A geometry problem by Chung Kevin

Method 1:

let $A$ be the area of the oval-shaped region, $x$ be the area of the quarter circle (yellow region) and $y$ be the area of the white region

then,

$x=\dfrac{1}{4}(\pi)(1^2)=\dfrac{\pi}{4}$

it follows that,

$y=1^2-\dfrac{\pi}{4}=\dfrac{4-\pi}{4}$

Finally,

$A=1^2-2(y)=1-2(\dfrac{4-\pi}{4})=1-(\dfrac{4-\pi}{2})=1-2+\dfrac{\pi}{2}=-1+\dfrac{\pi}{2}=$ $\color{#3D99F6}\boxed{\dfrac{\pi}{2}-1}$ $\boxed{\text{answer}}$

Method 2:

let $A$ be the area of the oval-shaped region, $x$ be the area of the quarter circle (yellow region) and $y$ be the area of the white region

then,

$x=\dfrac{1}{4}(\pi)(1^2)=\dfrac{\pi}{4}$

it follows that,

$y=1^2-\dfrac{\pi}{4}=\dfrac{4-\pi}{4}$

Finally,

$A=x-y$

$A=\dfrac{\pi}{4}-\dfrac{4-\pi}{4}$

$A=\dfrac{\pi-(4-\pi)}{4}$

$A=\dfrac{\pi-4+\pi}{4}$

$A=\dfrac{2\pi-4}{4}$

$A=\dfrac{2\pi}{4}-\dfrac{4}{4}$

$A=$ $\color{#3D99F6}\boxed{\dfrac{\pi}{2}-1}$ $\boxed{\text{answer}}$

Method 3:

let $A$ be the area of the oval-shaped region, $x$ be the area of the quarter circle (yellow region) and $z$ be the area of the triangle (green region)

then,

$x=\dfrac{1}{4}(\pi)(1^2)=\dfrac{\pi}{4}$

it follows that,

$z=\dfrac{1}{2}(1)(1)=\dfrac{1}{2}$

then,

$\dfrac{A}{2}=x-z$

$\dfrac{A}{2}=\dfrac{\pi}{4}-\dfrac{1}{2}$

Finally,

$A=2(\dfrac{A}{2})=2(\dfrac{\pi}{4}-\dfrac{1}{2})=$ $\color{#3D99F6}\boxed{\dfrac{\pi}{2}-1}$ $\boxed{\text{answer}}$

Two quarter circles cover the whole area once and overlap in the blue area covering it twice.

An area of two quarter circles minus an area of a square = area of half a circle minus a square = $\frac{\pi}{2}-1$ .

the area of the quarter circle is π/4 minus 1/2 the area of the square will give us half the blue area so π/4 - 1/2. the blue area is twice that or π/2 - 1

You could just eyeball it.

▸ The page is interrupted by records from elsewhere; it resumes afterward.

(* With $H(\alpha):=H(\theta(\alpha))$ and $R(\alpha):=\sum_{i=1}^N\overline\theta_i(\alpha)\frac{\beta_i^2}{2}$: (1) $H(1)=-\sum_{i,j}\pi_iP_{ij}\log P_{ij}$ and $R(1)=\sum_{i=1}^N\pi_i\frac{\beta_i^2}{2}$; (2) $H(0)=\log\rho_0$; (3) the function $\alpha\mapsto H(\alpha)-\alpha^2R(\alpha)$ is non-increasing on $[0,1]$.
   Context: $V=\{1,\dots,N\}$; $P$ row-stochastic irreducible aperiodic with stationary distribution $\pi>0$; $\beta\in\mathbb R^N$; $\rho_0$ is the spectral radius of the 0-1 matrix $P_0$ with $(P_0)_{ij}=1$ iff $P_{ij}>0$. For $\alpha\in\mathbb R$ define $M(\alpha)\in\mathbb R^{N\times N}$ by $[M(\alpha)]_{ij}=P_{ij}^\alpha e^{-\alpha(1-\alpha)\beta_i^2/2}$ if $P_{ij}>0$ and $[M(\alpha)]_{ij}=0$ if $P_{ij}=0$ (so $M(0)=P_0$). Let $\lambda(\alpha)$ be the Perron root (spectral radius) of $M(\alpha)$ and $v(\alpha)>0$ a right Perron eigenvector. Let $Q(\alpha)_{ij}=\frac{[M(\alpha)]_{ij}v_j(\alpha)}{\lambda(\alpha)v_i(\alpha)}$ (a stochastic, irreducible, aperiodic matrix), $\overline\theta(\alpha)$ its stationary distribution, and $\theta(\alpha)_{ij}=\overline\theta_i(\alpha)Q(\alpha)_{ij}$. $H(\theta)=-\sum_{i,j}\theta_{ij}\log(\theta_{ij}/\overline\theta_i)$ with $\overline\theta=\theta\mathbf1$, $0\log0=0$. *)

From Stdlib Require Import Reals Lra Lia Arith.
Open Scope R_scope.
Lemma tree_vertex_upper : vertex_cops_win tree_adj (m.+1 + m.+1).
Proof.
exists [ffun=> tree_root]; split=> [|[[j [l|]]|]]; first exact/forallP.
- apply: (cop_turn_next (at_hub j)); last exact: at_hub_catches_leaf.
  by apply/forallP => q; rewrite !ffunE; case: split.
- apply: (CT_move (c' := at_hub j)).
    by apply/forallP => q; rewrite !ffunE; case: split.
  apply: RT_move => -[[i [l|]]|] /=.
  + by case/orP => [/eqP //|/eqP <-]; apply/CT_caught/at_hub_catches_leaf.
  + rewrite orbF => /eqP [->].
    apply: (cop_turn_next (leaves_of j)); last exact: leaves_of_catch_hub.
    by apply/forallP => q; rewrite !ffunE; case: split => //= l; rewrite /vmove /= eqxx orbT.
  + move=> _; apply: (cop_turn_next (hubs_around j)); last exact: hubs_around_catch_root.
    by apply/forallP => q; rewrite !ffunE; case: split => //=; rewrite /vmove eqxx.
- apply: (cop_turn_next (hubs_around ord0)); last exact: hubs_around_catch_root.
  by apply/forallP => q; rewrite !ffunE; case: split.
Qed.

Definition spoke j : {set tree} := [set tree_root; hub j].
Definition twig j l : {set tree} := [set hub j; leaf j l].

Lemma spoke_edge j : is_edge tree_adj (spoke j).
Proof. by apply/existsP; exists tree_root; apply/existsP; exists (hub j); rewrite /= eqxx. Qed.

Lemma twig_edge j l : is_edge tree_adj (twig j l).
Proof. by apply/existsP; exists (hub j); apply/existsP; exists (leaf j l); rewrite /= !eqxx. Qed.

Lemma spoke_move_spoke i j : emove tree_adj (spoke i) (spoke j).
Proof. by rewrite /emove spoke_edge; apply/set0Pn; exists tree_root; rewrite !inE eqxx. Qed.
(* Let $u=(p,q)$ and $v=(r,s)$ be primitive vectors in $\mathbb{Z}^2$ with $\det(u,v)=ps-qr=n\ge 2$, let $d_\pm=\gcd(u\pm v)$ (the gcd of the coordinates of $u\pm v$), and let $a$ be the unique integer with $0\le a<n$ such that $Mu=(1,0)$ and $Mv=(a,n)$ for some $M\in\mathrm{SL}_2(\mathbb{Z})$. Then the following are equivalent: (i) $\max\{d_+,d_-\}=n$ and $\min\{d_+,d_-\}\in\{1,2\}$; (ii) $a\equiv\pm1\pmod n$; (iii) $u\equiv\pm v\pmod n$ (componentwise congruence). In this case the non-maximal thread degree $\min\{d_+,d_-\}$ equals $\gcd(n,2)$; in particular it equals $1$ if $n$ is odd and $2$ if $n$ is even.
   Context: A vector $(x,y)\in\mathbb{Z}^2$ is primitive if $\gcd(x,y)=1$. For such $u,v$ with $\det(u,v)=n\ge2$ there is $M\in\mathrm{SL}_2(\mathbb{Z})$ with $Mu=(1,0)$, $Mv=(a,n)$, $0\le a<n$, $\gcd(a,n)=1$, and $a$ is determined uniquely by these conditions. *)

From HB Require Import structures.
From mathcomp Require Import all_boot all_order all_algebra.
Set Implicit Arguments. Unset Strict Implicit. Unset Printing Implicit Defensive.
Import Order.TTheory GRing.Theory Num.Theory.
Local Open Scope ring_scope.

Definition vec2 (x y : int) : 'cV[int]_2 :=
  \col_(i < 2) (if i == ord0 then x else y).

Definition vgcd (x y : int) : int := gcdz x y.

Definition primitive (x y : int) : Prop := gcdz x y = 1.

Definition det2 (p q r s : int) : int := p * s - q * r.

Definition inSL2 (M : 'M[int]_2) : Prop := \det M = 1.

From HB Require Import structures.
From mathcomp Require Import all_boot all_order all_algebra.
From mathcomp Require Import ring.
Set Implicit Arguments. Unset Strict Implicit. Unset Printing Implicit Defensive.
Import Order.TTheory GRing.Theory Num.Theory.
Local Open Scope ring_scope.

(* M is unimodular, so it preserves both the gcd of the coordinates of an
   integer vector and divisibility of all its coordinates by n.  Applied to
   u ± v this gives d+ = gcd(1 + a, n), d- = gcd(1 - a, n), and u = ±v (mod n)
   iff (1, 0) = ±(a, n) (mod n), i.e. a = ±1 (mod n).  If n | 1 - a then
   d- = n and, as (1 + a) + (1 - a) = 2, d+ = gcd(2, n) <= n; symmetrically for
   n | 1 + a. *)

Definition dvdmx (d : int) {m n} (A : 'M[int]_(m, n)) : bool :=
  [forall i, forall j, (d %| A i j)%Z].

Lemma dvdmx_mull d m n k (A : 'M[int]_(m, n)) (B : 'M[int]_(n, k)) :
  dvdmx d B -> dvdmx d (A *m B).
Proof.
move=> /forallP dB; apply/forallP => i; apply/forallP => j.
rewrite mxE rpred_sum // => l _; rewrite dvdz_mull //.
exact: (forallP (dB l)).
Qed.

Lemma dvdmx_unitmx d n k (M : 'M[int]_n) (B : 'M[int]_(n, k)) :
  M \in unitmx -> dvdmx d (M *m B) = dvdmx d B.
Proof.
move=> M_unit; apply/idP/idP; last exact: dvdmx_mull.
by rewrite -{2}[B]mul1mx -(mulVmx M_unit) -mulmxA; apply: dvdmx_mull.
Qed.

Lemma dvdmx_vec2 d x y : dvdmx d (vec2 x y) = (d %| x)%Z && (d %| y)%Z.
Proof.
apply/forallP/andP => [dv | [dx dy] i].
  by split; [have /forallP := dv 0 | have /forallP := dv 1] => /(_ 0); rewrite mxE.
by apply/forallP => j; rewrite mxE; case: ifP.
Qed.

Lemma vec2D x y x' y' : vec2 (x + x') (y + y') = vec2 x y + vec2 x' y'.
Proof. by apply/matrixP => i j; rewrite !mxE; case: ifP. Qed.

Lemma vec2B x y x' y' : vec2 (x - x') (y - y') = vec2 x y - vec2 x' y'.
Proof. by apply/matrixP => i j; rewrite !mxE; case: ifP. Qed.

Lemma dvdz_vec2_unitmx (M : 'M[int]_2) x y X Y d :
  M \in unitmx -> M *m vec2 x y = vec2 X Y ->
  (d %| x)%Z && (d %| y)%Z = (d %| X)%Z && (d %| Y)%Z.
Proof.
by move=> M_unit MxX; rewrite -dvdmx_vec2 -(dvdmx_unitmx _ _ M_unit) MxX dvdmx_vec2.
Qed.

Lemma gcdz_eq_dvd x y X Y :
  (forall d, (d %| x)%Z && (d %| y)%Z = (d %| X)%Z && (d %| Y)%Z) ->
  gcdz x y = gcdz X Y.
Proof.
move=> eq_dvd.
have le_xX : (gcdz x y %| gcdz X Y)%Z by rewrite dvdz_gcd -eq_dvd dvdz_gcdl dvdz_gcdr.
have le_Xx : (gcdz X Y %| gcdz x y)%Z by rewrite dvdz_gcd eq_dvd dvdz_gcdl dvdz_gcdr.
move: le_xX le_Xx; rewrite /gcdz !dvdzE /= => le_xX le_Xx.
by congr Posz; apply/eqP; rewrite eqn_dvd le_xX le_Xx.
Qed.

Lemma gcdz_unitmx (M : 'M[int]_2) x y X Y :
  M \in unitmx -> M *m vec2 x y = vec2 X Y -> gcdz x y = gcdz X Y.
Proof. by move=> M_unit MxX; apply: gcdz_eq_dvd => d; apply: dvdz_vec2_unitmx MxX. Qed.

Lemma gcdz_dvdDl n x y : (n %| y)%Z -> gcdz (y + x) n = gcdz x n.
Proof. by case/dvdzP => k ->; rewrite gcdzC gcdzMDl gcdzC. Qed.

Lemma gcdz2 n : gcdz n 2 = if (2 %| n)%Z then 2 else 1.
Proof.
case: ifP => [/gcdz_idPr // | odd_n]; apply/eqP.
by rewrite -/(coprimez n 2) coprimez_sym coprimezE prime_coprime // -dvdzE odd_n.
Qed.

Section GcdWithModulus.

Variable n : int.
Hypothesis n_gt0 : 0 < n.

Lemma gcdz_ler x : gcdz x n <= n.
Proof.
have := dvdz_gcdr x n; rewrite /gcdz dvdzE /=.
by case: n n_gt0 => // k k_gt0 /dvdn_leq; rewrite lez_nat; apply.
Qed.

Lemma gcdz_eqr x : (gcdz x n == n) = (n %| x)%Z.
Proof. by rewrite -{2}(gtz0_abs n_gt0); apply/eqP/gcdz_idPr. Qed.

Lemma max_gcdz_1pm a :
  Num.max (gcdz (1 + a) n) (gcdz (1 - a) n) = n <-> (n %| 1 - a)%Z \/ (n %| 1 + a)%Z.
Proof.
rewrite -!gcdz_eqr; split.
- by case: leP => _ /eqP ->; [left | right].
- by case=> /eqP ->; [apply: max_r | apply: max_l]; apply: gcdz_ler.
Qed.

Lemma min_gcdz_1pm a : (n %| 1 - a)%Z \/ (n %| 1 + a)%Z ->
  Num.min (gcdz (1 + a) n) (gcdz (1 - a) n) = gcdz n 2.
Proof.
suff min_a b : (n %| 1 - b)%Z ->
    Num.min (gcdz (1 + b) n) (gcdz (1 - b) n) = gcdz n 2.
  case=> [/min_a // | n_dvd]; rewrite minC.
  by have := min_a (- a); rewrite opprK; apply.
move=> n_dvd; rewrite (eqP (etrans (gcdz_eqr _) n_dvd)) min_l ?gcdz_ler //.
have -> : 1 + b = - (1 - b) + 2 by ring.
by rewrite gcdz_dvdDl ?rpredN // gcdzC.
Qed.

End GcdWithModulus.

Theorem mainTheorem3 (p q r s n a : int) (M : 'M[int]_2) :
  primitive p q -> primitive r s ->
  det2 p q r s = n -> 2 <= n ->
  0 <= a -> a < n ->
  inSL2 M -> M *m vec2 p q = vec2 1 0 -> M *m vec2 r s = vec2 a n ->
  let dp := vgcd (p + r) (q + s) in
  let dm := vgcd (p - r) (q - s) in
  ((Num.max dp dm = n /\ (Num.min dp dm = 1 \/ Num.min dp dm = 2)) <->
     ((a == 1 %[mod n])%Z \/ (a == -1 %[mod n])%Z)) /\
  (((a == 1 %[mod n])%Z \/ (a == -1 %[mod n])%Z) <->
     (((p == r %[mod n])%Z /\ (q == s %[mod n])%Z) \/
      ((p == - r %[mod n])%Z /\ (q == - s %[mod n])%Z))) /\
  ((Num.max dp dm = n /\ (Num.min dp dm = 1 \/ Num.min dp dm = 2)) ->
     Num.min dp dm = gcdz n 2 /\
     (~~ (2 %| n)%Z -> Num.min dp dm = 1) /\
     ((2 %| n)%Z -> Num.min dp dm = 2)).
Proof.
move=> _ _ _ n_ge2 _ _ det_M Mu Mv dp dm.
have n_gt0 : 0 < n by apply: lt_le_trans n_ge2.
have M_unit : M \in unitmx by rewrite unitmxE det_M unitr1.
have M_sum : M *m vec2 (p + r) (q + s) = vec2 (1 + a) n.
  by rewrite vec2D mulmxDr Mu Mv -vec2D add0r.
have M_diff : M *m vec2 (p - r) (q - s) = vec2 (1 - a) (- n).
  by rewrite vec2B mulmxBr Mu Mv -vec2B sub0r.
have -> : dp = gcdz (1 + a) n by apply: gcdz_unitmx M_sum.
have -> : dm = gcdz (1 - a) n by rewrite -(gcdzN _ n); apply: gcdz_unitmx M_diff.
have cong_plus : (n %| p - - r)%Z /\ (n %| q - - s)%Z <-> (n %| 1 + a)%Z.
  have := dvdz_vec2_unitmx n M_unit M_sum; rewrite dvdzz andbT !opprK => <-.
  by split=> [[-> ->] | /andP].
have cong_minus : (n %| p - r)%Z /\ (n %| q - s)%Z <-> (n %| 1 - a)%Z.
  have := dvdz_vec2_unitmx n M_unit M_diff; rewrite rpredN dvdzz andbT => <-.
  by split=> [[-> ->] | /andP].
rewrite !eqz_mod_dvd -[a - 1]opprB rpredN opprK (addrC a 1).
have max_iff := max_gcdz_1pm n_gt0 a.
have min_eq := @min_gcdz_1pm n n_gt0 a; rewrite gcdz2 in min_eq.
split; [split | split].
- by case=> /max_iff.
- by move=> /[dup] /max_iff -> /min_eq ->; split => //; case: ifP; [right | left].
- by move: cong_plus cong_minus; tauto.
- by case=> /max_iff /min_eq -> _; rewrite gcdz2; case: ifP.
Qed.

Option 1 is 2 - 1.57, so .43, Option 2 is .14. Option 3 is 1.57-1, or .57, and Option 4 is a number larger than 1. Since the area is 1 and the blue area is clearly about half, you can eliminate options 2 and 4. Then the question is is it closer to 60% blue or 40% blue. It is closer to 60%, so option 3.

By sight, the shaded oval is a bit more than half the area of the square which is 1. So the only answer that is a bit more than 0.5 is (pi/2)-1.

The blue area is equal to 2× [Area of the quarter circle - (1/2) area of the square] =

= The area of a semi-circle - The area of the square

= [(1/2)π(1)^(2)]-(1*1)

= (π/2)-1

Therefore the answer is (π/2) - 1

The area of the quarter circle is $\frac{\pi}{4}$ .

Thus the area of the part of the square - quarter of circle is = $1-\frac{\pi}{4}$ , since there are two of these areas,

then the unwanted area is $2-\frac{\pi}{2}\implies$ the area of the oval part is $1-(2-\frac{\pi}{2})=\frac{\pi}{2}-1$

Firstly divide the oval region shaped into two halves then calculate the area of the triangle = 1/2(1)(1)=1/2 Then calculate the area of quadrant = (πr*2)/4 which is equal to = π/4 then Subtract the both area =(π/4 - 1/2 )
This is the area of 1/2 Oval shaped and multiplied by 2 == (π/2-1)

Technically, that shape is called a vesica piscis - or you could just say the football-shaped region if you want to use a more familiar term. Oval is not a well-defined term, so fine, call I guess you can call it an oval. But I don't think this shape matches the common usage of the term.